_Work to complete:_ In the records below, find the line that contains "and every choice" and the line that contains "(if lin X beta", then retype exactly those two lines and every line between them.

··· Exercise data ···

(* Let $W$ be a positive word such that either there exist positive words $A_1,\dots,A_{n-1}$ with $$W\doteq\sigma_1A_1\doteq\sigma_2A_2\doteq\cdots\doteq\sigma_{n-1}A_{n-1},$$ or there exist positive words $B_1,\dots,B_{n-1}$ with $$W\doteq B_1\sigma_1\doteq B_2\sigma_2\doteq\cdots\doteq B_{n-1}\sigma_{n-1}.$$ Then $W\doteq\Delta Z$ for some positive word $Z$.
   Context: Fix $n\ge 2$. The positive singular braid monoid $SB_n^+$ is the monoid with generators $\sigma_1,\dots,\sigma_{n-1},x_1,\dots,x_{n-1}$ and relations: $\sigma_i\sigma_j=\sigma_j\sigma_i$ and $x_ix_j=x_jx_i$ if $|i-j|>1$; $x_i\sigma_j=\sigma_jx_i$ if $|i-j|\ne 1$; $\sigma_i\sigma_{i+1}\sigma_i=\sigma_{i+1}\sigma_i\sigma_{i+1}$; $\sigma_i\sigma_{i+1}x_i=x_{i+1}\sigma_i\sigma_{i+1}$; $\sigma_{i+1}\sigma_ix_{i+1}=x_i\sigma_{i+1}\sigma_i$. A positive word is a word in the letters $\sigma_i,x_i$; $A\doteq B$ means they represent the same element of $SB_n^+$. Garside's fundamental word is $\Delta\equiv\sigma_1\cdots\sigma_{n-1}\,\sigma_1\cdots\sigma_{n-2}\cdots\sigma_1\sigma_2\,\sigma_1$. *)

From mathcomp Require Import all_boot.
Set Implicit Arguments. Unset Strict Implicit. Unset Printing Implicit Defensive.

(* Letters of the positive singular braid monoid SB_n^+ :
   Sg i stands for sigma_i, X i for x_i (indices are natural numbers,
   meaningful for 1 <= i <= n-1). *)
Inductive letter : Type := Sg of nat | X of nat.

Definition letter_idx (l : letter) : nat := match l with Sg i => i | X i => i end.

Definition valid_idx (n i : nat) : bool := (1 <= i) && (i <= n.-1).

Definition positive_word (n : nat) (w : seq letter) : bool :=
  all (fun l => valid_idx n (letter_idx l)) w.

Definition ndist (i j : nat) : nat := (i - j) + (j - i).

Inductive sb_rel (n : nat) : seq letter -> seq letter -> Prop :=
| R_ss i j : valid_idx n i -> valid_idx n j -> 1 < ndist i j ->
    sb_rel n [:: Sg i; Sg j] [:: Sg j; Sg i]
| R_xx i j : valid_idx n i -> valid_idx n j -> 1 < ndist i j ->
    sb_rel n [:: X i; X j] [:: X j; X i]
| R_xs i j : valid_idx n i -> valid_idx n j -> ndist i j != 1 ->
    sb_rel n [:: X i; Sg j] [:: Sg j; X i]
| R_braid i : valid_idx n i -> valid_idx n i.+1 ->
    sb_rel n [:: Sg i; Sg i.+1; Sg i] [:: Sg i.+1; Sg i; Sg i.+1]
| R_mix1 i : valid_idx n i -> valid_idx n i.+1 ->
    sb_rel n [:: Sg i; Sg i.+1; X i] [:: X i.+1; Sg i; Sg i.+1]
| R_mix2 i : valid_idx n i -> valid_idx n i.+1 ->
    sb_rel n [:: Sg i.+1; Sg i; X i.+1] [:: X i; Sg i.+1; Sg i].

···
··· Exercise data ···

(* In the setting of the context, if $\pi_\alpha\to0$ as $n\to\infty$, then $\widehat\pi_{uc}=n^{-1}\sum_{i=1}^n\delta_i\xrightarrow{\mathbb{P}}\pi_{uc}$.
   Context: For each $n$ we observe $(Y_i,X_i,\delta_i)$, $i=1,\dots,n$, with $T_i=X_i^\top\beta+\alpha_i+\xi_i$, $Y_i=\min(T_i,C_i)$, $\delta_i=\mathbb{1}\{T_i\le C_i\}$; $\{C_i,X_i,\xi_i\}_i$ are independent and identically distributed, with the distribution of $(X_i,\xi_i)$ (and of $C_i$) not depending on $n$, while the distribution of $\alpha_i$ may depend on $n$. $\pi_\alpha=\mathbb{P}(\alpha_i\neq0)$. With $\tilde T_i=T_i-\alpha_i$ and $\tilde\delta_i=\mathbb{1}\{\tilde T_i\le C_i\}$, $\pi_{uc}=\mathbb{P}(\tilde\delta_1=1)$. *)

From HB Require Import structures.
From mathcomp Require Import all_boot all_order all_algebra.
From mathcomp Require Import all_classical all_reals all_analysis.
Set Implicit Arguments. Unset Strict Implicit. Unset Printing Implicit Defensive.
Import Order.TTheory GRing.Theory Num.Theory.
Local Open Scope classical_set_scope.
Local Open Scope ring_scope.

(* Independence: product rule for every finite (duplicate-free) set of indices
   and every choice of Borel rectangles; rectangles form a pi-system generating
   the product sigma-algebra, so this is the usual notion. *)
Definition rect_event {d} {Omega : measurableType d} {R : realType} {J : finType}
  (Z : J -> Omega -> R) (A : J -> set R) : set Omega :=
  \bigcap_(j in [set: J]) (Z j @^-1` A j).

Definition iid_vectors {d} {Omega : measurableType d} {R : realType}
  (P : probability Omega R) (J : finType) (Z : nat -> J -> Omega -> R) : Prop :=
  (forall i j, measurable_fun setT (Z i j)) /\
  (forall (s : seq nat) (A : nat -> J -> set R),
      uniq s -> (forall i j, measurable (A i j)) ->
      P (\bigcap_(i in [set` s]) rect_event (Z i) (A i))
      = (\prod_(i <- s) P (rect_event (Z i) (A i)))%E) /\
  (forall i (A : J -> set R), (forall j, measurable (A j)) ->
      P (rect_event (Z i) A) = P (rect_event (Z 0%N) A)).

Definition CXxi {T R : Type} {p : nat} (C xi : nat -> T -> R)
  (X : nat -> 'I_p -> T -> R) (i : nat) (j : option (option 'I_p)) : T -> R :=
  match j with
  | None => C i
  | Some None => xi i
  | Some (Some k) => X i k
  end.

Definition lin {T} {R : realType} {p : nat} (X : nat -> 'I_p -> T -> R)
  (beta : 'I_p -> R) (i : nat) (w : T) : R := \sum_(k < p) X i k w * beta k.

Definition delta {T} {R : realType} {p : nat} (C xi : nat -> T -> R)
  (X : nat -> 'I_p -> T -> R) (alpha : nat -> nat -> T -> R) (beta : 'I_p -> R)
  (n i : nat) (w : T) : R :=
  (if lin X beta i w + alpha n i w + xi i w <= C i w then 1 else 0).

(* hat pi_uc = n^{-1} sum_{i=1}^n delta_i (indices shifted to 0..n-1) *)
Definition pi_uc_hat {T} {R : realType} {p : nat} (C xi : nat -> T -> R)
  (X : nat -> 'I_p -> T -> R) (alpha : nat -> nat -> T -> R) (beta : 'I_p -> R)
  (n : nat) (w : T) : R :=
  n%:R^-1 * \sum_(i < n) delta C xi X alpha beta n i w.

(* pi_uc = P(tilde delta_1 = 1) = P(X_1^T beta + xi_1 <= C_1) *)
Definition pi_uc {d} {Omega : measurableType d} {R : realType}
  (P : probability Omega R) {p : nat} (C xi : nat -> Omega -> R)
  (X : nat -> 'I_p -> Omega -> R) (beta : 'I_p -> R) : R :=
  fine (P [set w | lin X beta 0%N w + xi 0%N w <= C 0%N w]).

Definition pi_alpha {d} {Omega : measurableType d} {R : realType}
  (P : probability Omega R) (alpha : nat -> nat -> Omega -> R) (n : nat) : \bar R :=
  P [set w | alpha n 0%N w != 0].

···

_Task result:_
   and every choice of Borel rectangles; rectangles form a pi-system generating
   the product sigma-algebra, so this is the usual notion. *)
Definition rect_event {d} {Omega : measurableType d} {R : realType} {J : finType}
  (Z : J -> Omega -> R) (A : J -> set R) : set Omega :=
  \bigcap_(j in [set: J]) (Z j @^-1` A j).

Definition iid_vectors {d} {Omega : measurableType d} {R : realType}
  (P : probability Omega R) (J : finType) (Z : nat -> J -> Omega -> R) : Prop :=
  (forall i j, measurable_fun setT (Z i j)) /\
  (forall (s : seq nat) (A : nat -> J -> set R),
      uniq s -> (forall i j, measurable (A i j)) ->
      P (\bigcap_(i in [set` s]) rect_event (Z i) (A i))
      = (\prod_(i <- s) P (rect_event (Z i) (A i)))%E) /\
  (forall i (A : J -> set R), (forall j, measurable (A j)) ->
      P (rect_event (Z i) A) = P (rect_event (Z 0%N) A)).

Definition CXxi {T R : Type} {p : nat} (C xi : nat -> T -> R)
  (X : nat -> 'I_p -> T -> R) (i : nat) (j : option (option 'I_p)) : T -> R :=
  match j with
  | None => C i
  | Some None => xi i
  | Some (Some k) => X i k
  end.

Definition lin {T} {R : realType} {p : nat} (X : nat -> 'I_p -> T -> R)
  (beta : 'I_p -> R) (i : nat) (w : T) : R := \sum_(k < p) X i k w * beta k.

Definition delta {T} {R : realType} {p : nat} (C xi : nat -> T -> R)
  (X : nat -> 'I_p -> T -> R) (alpha : nat -> nat -> T -> R) (beta : 'I_p -> R)
  (n i : nat) (w : T) : R :=
  (if lin X beta i w + alpha n i w + xi i w <= C i w then 1 else 0).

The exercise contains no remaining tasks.